Rumours abound: distant cities have been raided, with horrific results, tonight a thousand bombers will be coming to London, Dover has been bombed flat, German troops have been seen in the Essex seaside towns. For a while you believe the stories. Then the BBC news gives another version of events and you believe that instead. I’m fortunate in that the Red Cross is well informed. It is fairly easy for me to establish the truth, or something close to it. So far, things do not seem to have been too bad for civilians.
Shipping and airfields are bombed every day. At night the German bombers fly across all parts of the country, but they are more of a nuisance than anything: the sirens go off in the evening, so that people’s lives are interrupted. Little damage is done. A few bombs are dropped here and there. In places they drop propaganda leaflets, which instantly become objects of derision. You grow tired of hearing jokes about people using them as toilet paper.
So, each morning comes. I take out the ambulance and its medical crew, liaise with our army escort - needed in case we are sent to a crash-landed German plane in which crew members may have survived - then head for the towns and suburbs on the edge of London: to Croydon, Gravesend, Bromley, Sevenoaks. This is where most of the battle casualties are found. We pick up airmen who have been shot down, staff who were working at the factories and other installations under attack, those civilians unfortunate enough to have been injured by a crashing plane or a stray bomb or fallen shell.

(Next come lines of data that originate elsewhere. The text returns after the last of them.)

Lemma not_dominated_axis i1 : i1 != i0 -> ~ dominated axis (ent PX).
Proof.
move=> ni1i0 [_ [/prod_entP [Fs [hF ->]] HF]]; apply: (@HU i1).
exists (Fs i1), (pt i1); split=> // t _.
pose z := dfwith pt t : car PX.
have [Gs hG] := @dep_choice _ _ (fun i (G : rel_of i) => ent (Xs i) G /\ G (pt i) (z i))
  (fun i => ent_cover (HX i) (pt i) (z i)).
have hGs i : ent (Xs i) (Gs i) by case: (hG i).
have /HF : ball (prod_ent Gs) axis z by apply/ball_axisP => // j _; case: (hG j).
by move=> /(_ (prod_ent_ent hGs)) /(ball_axisP _ hF) /(_ i1 ni1i0); rewrite /z dfwith_in.
Qed.

Section Separation.
Variables U V : car PX -> Prop.
Hypothesis U_nbhd : asym_nbhd U axis.
Hypothesis V_nbhd : asym_nbhd V hyperplane.
Hypothesis UV_disjoint : forall x, ~ (U x /\ V x).

Definition shadow G : car (Xs i0) -> Prop := proj i0 (fun x => ball G axis x /\ ~ U x).

Definition shift_outside_V (r : car (Xs i0) -> Prop) : car PX -> Prop :=
  fun x => exists y, [/\ r (y i0), ~ V y & agree_off x y].

Definition cylinder (r : car (Xs i0) -> Prop) : car PX -> Prop :=
  fun x => r (x i0) /\ shift_outside_V r x.

Lemma bounded_shadow G : ent PX G -> bounded (shadow G).
Proof. by move=> /U_nbhd /bounded_prodP. Qed.

(* If some [y] in [r] escapes the shadow of [G], moving the [i0]-coordinate of
   a point of [G[axis]] to [y] lands in [U], hence outside [V]. *)
Lemma sub_shadow_or_shift (r : car (Xs i0) -> Prop) G : ent PX G ->
  set_incl r (shadow G) \/ set_incl (ball G axis) (shift_outside_V r).
Proof.
move=> hG; case: (pselect (set_incl r (shadow G))) => [|]; first by left.
move=> /existsNP [y /not_implyP [ry ny]].
right=> x Gx; exists (dfwith x y); split; first by rewrite dfwith_in.
- move=> Vxy; apply: ny; exists (dfwith x y); split; last exact: dfwith_in.
  split; last by move=> Uxy; apply: (UV_disjoint (conj Uxy Vxy)).
  by apply: ball_axis_agree hG _ Gx => j nji0; rewrite dfwith_out // eq_sym.
- by move=> j nji0; rewrite dfwith_out // eq_sym.
Qed.

Lemma bounded_outside_V (r : car (Xs i0) -> Prop) :
  bounded r -> bounded (fun x : car PX => r (x i0) /\ ~ V x).
Proof.
move=> /(bounded_at (HX i0) (pt i0)) [G [hG HG]].
have [Es hE] := @dep_choice _ _ (fun i (E : rel_of i) => ent (Xs i) E /\ E (pt i) (pt i))
  (fun i => ent_cover (HX i) (pt i) (pt i)).
pose Fs := dfwith Es G : forall i, rel_of i.
have hF i : ent (Xs i) (Fs i).
  by rewrite /Fs; case: dfwithP => // j _; case: (hE j).
apply: bounded_sub (V_nbhd (prod_ent_ent hF)) _ => x [rx nVx]; split=> //.
by apply/ball_hyperplaneP => //; rewrite /Fs dfwith_in; apply: HG.
Qed.

Lemma shift_outside_V_sub_ball (r : car (Xs i0) -> Prop) : bounded r ->
  exists F, ent PX F /\ set_incl (shift_outside_V r) (ball F axis).
Proof.
move=> /bounded_outside_V /(bounded_prod_at HX pt) [Fs [hF HF]].
exists (prod_ent Fs); split; first exact: prod_ent_ent.
move=> x [y [ry nVy xy]]; apply/ball_axisP => // j nji0.
by rewrite xy //; apply: HF.
Qed.

Lemma bounded_cylinder (r : car (Xs i0) -> Prop) : bounded r -> bounded (cylinder r).
Proof.
move=> br; apply/bounded_prodP => i; case: (eqVneq i i0) => [->|nii0].
  by apply: bounded_sub br _ => _ [x [[rx _] <-]].
have /bounded_prodP /(_ i) bounded_i := bounded_outside_V br.
apply: bounded_sub bounded_i _ => _ [x [[_ [y [ry nVy xy]]] <-]].
by exists y; split=> //; rewrite xy.
Qed.

Lemma shift_outside_V_mono r r' :
  set_incl r r' -> set_incl (shift_outside_V r) (shift_outside_V r').
Proof. by move=> rr' x [y [ry nVy xy]]; exists y; split=> //; apply: rr'. Qed.

Lemma cylinder_mono r r' : set_incl r r' -> set_incl (cylinder r) (cylinder r').
Proof.
by move=> rr' x [rx shx]; split; [apply: rr'|apply: shift_outside_V_mono shx].
Qed.

Variable i1 : 'I_n.
Hypothesis ni1i0 : i1 != i0.

Local Notation relX := (car PX -> car PX -> Prop).
Let le_ent : rel relX := sval (well_ordering_principle relX).
Let le_ent_wo : well_order le_ent := svalP (well_ordering_principle relX).

Let undominated_mono S S' :
  set_incl S S' -> ~ dominated axis S -> ~ dominated axis S'.
Proof. by move=> SS' nS dS'; apply: nS (dominated_sub SS' dS'). Qed.

Definition initial_ents : relX -> Prop :=
  least_big_segment le_ent (ent PX) (fun S => ~ dominated axis S).

Lemma not_dominated_initial_ents : ~ dominated axis initial_ents.
Proof.
exact: (big_least_big_segment le_ent_wo undominated_mono (not_dominated_axis ni1i0)).
Qed.

Lemma dominated_initial_ents_prefix E : initial_ents E ->
  dominated axis (fun E' => initial_ents E' /\ le_ent E' E).
Proof.
move=> IE; apply: contrapT; apply: (least_big_segment_prefix undominated_mono _ IE).
move=> S E' hE' nnS nd; apply: nnS => dS; apply: nd.
exact (dominated_setU1 (prod_is_ballean HX) hE' dS).
Qed.

Definition shadow_upto E : car (Xs i0) -> Prop :=
  fun y => exists E', [/\ initial_ents E', le_ent E' E & shadow E' y].

Lemma bounded_shadow_upto E : initial_ents E -> bounded (shadow_upto E).
Proof.
move=> /dominated_initial_ents_prefix [F [hF HF]].
apply: bounded_sub (bounded_shadow hF) _ => _ [E' [IE' le_E'E [x [[Ex nUx] <-]]]].
by exists x; split=> //; split=> //; apply: HF (conj IE' le_E'E) _ Ex.
Qed.

Lemma shadow_upto_mono E1 E2 :
  le_ent E1 E2 -> set_incl (shadow_upto E1) (shadow_upto E2).
Proof.
move=> le12 y [E' [IE' le' sh]]; exists E'; split=> //.
exact: wo_trans le_ent_wo _ _ _ le' le12.
Qed.

(* Otherwise the entourage given by [shift_outside_V_sub_ball] would dominate
   every initial entourage on the axis. *)
Lemma sub_shadow_upto r :
  bounded r -> exists E, initial_ents E /\ set_incl r (shadow_upto E).
Proof.
move=> br; apply: contrapT => none; apply: not_dominated_initial_ents.
have [F [hF HF]] := shift_outside_V_sub_ball br.
exists F; split=> // E IE x Ex.
case: (sub_shadow_or_shift r IE.1) => [rE|/(_ x Ex)/HF //].
case: none; exists E; split=> // y /rE shy; exists E; split=> //.
exact: wo_refl.
Qed.

(* Otherwise the shadow of [G] would be all of X_i0. *)
Lemma ball_axis_sub_shift G : ent PX G ->
  exists E, initial_ents E /\ set_incl (ball G axis) (shift_outside_V (shadow_upto E)).
Proof.
move=> hG; apply: contrapT => none; apply: (@HU i0).
apply: bounded_sub (bounded_shadow hG) _ => y _.
have [E [IE yE]] := sub_shadow_upto (bounded_set1 (HX i0) y).
case: (sub_shadow_or_shift (shadow_upto E) hG) => [/(_ y (yE y erefl)) //|GE].
by case: none; exists E.
Qed.

Lemma linear_base_of_separation : has_linear_base PX.
Proof.
exists (fun S => exists E, initial_ents E /\ S = cylinder (shadow_upto E)).
split; [|split].
- by move=> _ [E [IE ->]]; apply/bounded_cylinder/bounded_shadow_upto.
- move=> _ _ [E1 [_ ->]] [E2 [_ ->]].
  by case/orP: (wo_total le_ent_wo E1 E2) => h; [left|right];
    apply/cylinder_mono/shadow_upto_mono.
move=> K /(bounded_prod_at HX pt) [Es [hE HK]].
have bEs : bounded (Es i0 (pt i0)) by exists (Es i0), (pt i0).
have [E1 [IE1 H1]] := sub_shadow_upto bEs.
have [E2 [IE2 H2]] := ball_axis_sub_shift (prod_ent_ent hE).
have [E [IE [le1 le2]]] : exists E, [/\ initial_ents E, le_ent E1 E & le_ent E2 E].
  by case/orP: (wo_total le_ent_wo E1 E2) => h; [exists E2|exists E1];
    split=> //; apply: wo_refl.
exists (cylinder (shadow_upto E)); split; first by exists E.
move=> x Kx; split; first exact: shadow_upto_mono le1 _ (H1 _ (HK x Kx i0)).
apply: shift_outside_V_mono (shadow_upto_mono le2) _ (H2 _ _).
by apply/ball_axisP => // j _; apply: HK.
Qed.

End Separation.

Lemma normal_has_linear_base i1 : i1 != i0 -> normal PX -> has_linear_base PX.
Proof.
move=> ni1i0 /(_ _ _ asym_disjoint_axis_hyperplane) [U [V [hU [hV hUV]]]].
exact: (@linear_base_of_separation U V hU hV hUV i1 ni1i0).
Qed.

End NormalImpliesLinearBase.

Section LinearBaseImpliesNormal.
Variables (n : nat) (Xs : 'I_n -> ballean).
Hypothesis HX : forall i, is_ballean (Xs i).
Hypothesis HU : forall i, unbounded (Xs i).
Local Notation PX := (prod_ballean Xs).
Local Notation rel_of i := (car (Xs i) -> car (Xs i) -> Prop).
Local Notation bset i := (car (Xs i) -> Prop).
Variable pt : car PX.
Let HPX := prod_is_ballean HX.

Definition slab i (p : bset i) : car PX -> Prop :=
  fun x => p (x i) /\ forall j, j != i -> x j = pt j.

Lemma bounded_slab i (p : bset i) : bounded p -> bounded (slab p).
Proof.
move=> bp; apply/bounded_prodP => j; case: (eqVneq j i) => [->|nji].
  by apply: bounded_sub bp _ => _ [x [[px _] <-]].
by apply: bounded_sub (bounded_set1 (HX j) (pt j)) _ => _ [x [[_ /(_ j nji) ->] <-]].
Qed.

Lemma slab_proj i (p : bset i) : set_incl p (proj i (slab p)).
Proof.
move=> y py; exists (dfwith pt y); split; last exact: dfwith_in.
split=> [|j nji]; first by rewrite dfwith_in.
by rewrite dfwith_out // eq_sym.
Qed.

Lemma not_small_cofinal i (D : bset i -> Prop) :
  cofinal (@set_incl _) (@bounded (Xs i)) D -> ~ small PX D.
Proof.
move=> [Dbounded cofD] smallD; apply: (@HU i).
have /bounded_prodP /(_ i) bunion :=
  smallD (@slab i) (fun d Dd => bounded_slab (Dbounded d Dd)).
apply: bounded_sub bunion _ => y _; have [d [Dd yd]] := cofD _ (bounded_set1 (HX i) y).
have [x [sx <-]] := slab_proj (yd y erefl).
by exists x; split=> //; exists d.
Qed.

Variable L : (car PX -> Prop) -> Prop.
Hypothesis L_bounded : forall A, L A -> bounded A.
Hypothesis L_chain : forall A B, L A -> L B -> set_incl A B \/ set_incl B A.
Hypothesis L_cofinal : forall B, bounded B -> exists A, L A /\ set_incl B A.

(* If no member of the family covers [K], the whole family lies below the
   base element covering [K]. *)
Lemma cofinal_of_not_small I (P : I -> Prop) : ~ small PX P ->
  exists l : I -> car PX -> Prop, (forall t, P t -> bounded (l t)) /\
    forall K, bounded K -> exists t, P t /\ set_incl K (l t).
Proof.
move=> /existsNP [m /not_implyP [bm nb]].
have base t : exists A, P t -> L A /\ set_incl (m t) A.
  case: (pselect (P t)) => [Pt|nPt]; last by exists (m t).
  by have [A ?] := L_cofinal (bm t Pt); exists A.
have [l hl] := choice base; exists l; split=> [t /hl [/L_bounded] //|K bK].
apply: contrapT => none; have [A [LA KA]] := L_cofinal bK.
apply: nb; apply: bounded_sub (L_bounded LA) _ => x [t [Pt mx]].
have [Llt mlt] := hl t Pt; case: (L_chain Llt LA) => [ltA|Alt]; first by apply/ltA/mlt.
by case: none; exists t; split=> // y /KA /Alt.
Qed.

Lemma min_cofinal_inj_of_not_small i (C : bset i -> Prop) I (P : I -> Prop) :
  min_cofinal (@set_incl _) (@bounded (Xs i)) C -> ~ small PX P ->
  exists f : {c | C c} -> {t | P t}, injective f.
Proof.
move=> minC /cofinal_of_not_small [l [bl cofl]].
apply: (min_cofinal_inj minC (f := fun t => proj i (l t))) => [t Pt|p bp].
  by have /bounded_prodP := bl t Pt; apply.
have [t [Pt slt]] := cofl _ (bounded_slab bp).
exists t; split=> // y /slab_proj [x [sx <-]]; exists x; split=> //; exact: slt.
Qed.

Hypothesis HC : forall i, cof_regular (Xs i).
Variable i0 : 'I_n.
Variable D : bset i0 -> Prop.
Hypothesis minD : min_cofinal (@set_incl _) (@bounded (Xs i0)) D.

Let le0 : rel (bset i0) := sval (well_ordering_principle _).
Let le0_wo : well_order le0 := svalP (well_ordering_principle _).

Let not_small_mono I (S S' : I -> Prop) : set_incl S S' -> ~ small PX S -> ~ small PX S'.
Proof. by move=> SS' nS sS'; apply: nS (small_sub HPX pt sS' SS'). Qed.

(* Plays the role of the cardinal cof(B_X_i0): it is not small, its proper
   initial segments are, and it indexes cofinal families of entourages. *)
Definition index_set : bset i0 -> Prop :=
  least_big_segment le0 D (fun S => ~ small PX S).

Lemma not_small_index_set : ~ small PX index_set.
Proof.
apply: (big_least_big_segment le0_wo (@not_small_mono _)).
exact: not_small_cofinal minD.1.
Qed.

Lemma small_index_set_prefix w : index_set w ->
  small PX (fun w' => index_set w' /\ le0 w' w).
Proof.
move=> Iw; apply: contrapT; apply: (least_big_segment_prefix (@not_small_mono _) _ Iw).
by move=> S t _ nnS nsm; apply: nnS => sS; apply: nsm; apply: (small_setU1 HPX).
Qed.

Lemma ent_family i : exists e : bset i0 -> rel_of i,
  (forall w, ent (Xs i) (e w)) /\
  forall F, ent (Xs i) F -> exists w, index_set w /\ rel_incl F (e w).
Proof.
have [C1 [C2 [minC1 [minC2 [b bb]]]]] := HC i.
have [g g_inj] := min_cofinal_inj_of_not_small minC2 not_small_index_set.
have [E [hE _]] := ent_cover (HX i) (pt i) (pt i).
apply: (cofinal_reindex hE minC1.1).
by exists (g \o b); apply: inj_comp g_inj (bij_inj bb).
Qed.

Lemma normal_of_linear_base : normal PX.
Proof.
have [es hes] := @dep_choice _ _ (fun i (e : bset i0 -> rel_of i) =>
  (forall w, ent (Xs i) (e w)) /\
  forall F, ent (Xs i) F -> exists w, index_set w /\ rel_incl F (e w)) ent_family.
apply: (normal_of_small_cofinal HPX
  (index := fun ws : 'I_n -> bset i0 => forall i, index_set (ws i))
  (le := fun vs ws => forall i, exists j, le0 (vs i) (ws j))
  (E := fun ws => prod_ent (fun i => es i (ws i)))).
- by move=> ws _; apply: prod_ent_ent => i; apply: (hes i).1.
- move=> _ /prod_entP [Fs [hF ->]].
  have [ws hws] := @dep_choice _ _ (fun i w => index_set w /\ rel_incl (Fs i) (es i w))
    (fun i => (hes i).2 _ (hF i)).
  exists ws; split=> [i|x y Fxy i]; first by case: (hws i).
  by apply: (hws i).2.
- move=> vs ws; case: (pselect (forall i, exists j, le0 (vs i) (ws j))); first by left.
  move=> /existsNP [i /forallNP nle]; right=> j; exists i.
  by case/orP: (wo_total le0_wo (ws j) (vs i)) => // le_vw; case: (nle j).
- move=> ws Iws; have [j maxj] := wo_fin_max le0_wo i0 ws.
  have small_below := small_fun HPX pt (I := 'I_n) (small_index_set_prefix (Iws j)).
  refine (small_sub HPX pt small_below _).
  move=> vs [Ivs le_vs] i; split=> //; have [k le_k] := le_vs i.
  exact: wo_trans le0_wo _ _ _ le_k (maxj k).
Qed.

Most of the bombing continues to be against ‘military’ targets - airfields, oil-storage depots, factories - but in an increasing number of incidents it looks as if the Germans deliberately cast their bomb loads wide. Houses, schools and even hospitals in the general area of the main targets are being damaged or destroyed with increasing frequency. And as is obvious to all of us, more and more towns are being treated as targets.
At first the bombing attacks were confined to the ports: Dover and Folkestone have suffered terribly, but they are the nearest British towns to the Luftwaffe bases in France and have an obvious strategic value. Then the areas of attack spread rapidly along the coast: Southampton and Portsmouth were bombed. After that the Germans turned on the towns alongside the Thames estuary, the threshold of the capital. What next?
September8, 1940
It is a Sunday afternoon. I woke up an hour or so ago after one of the hardest and longest days of my life.
I spent the daytime in the usual round of duties, this time in Chatham on the south side of the Thames estuary. Because of its naval yard the town has become a regular target for the Luftwaffe. As evening came I drove back to London, returned my ambulance to the yard in Wandsworth and caught the Underground back here to my lodgings at the YMCA. I had been home no more than a couple of minutes when the air-raid sirens started again. I was summoned back to Wandsworth immediately. Within half an hour a major attack was taking place on the docks and warehouses in the East End. I was there all night, finally reaching my bed at 5 a.m.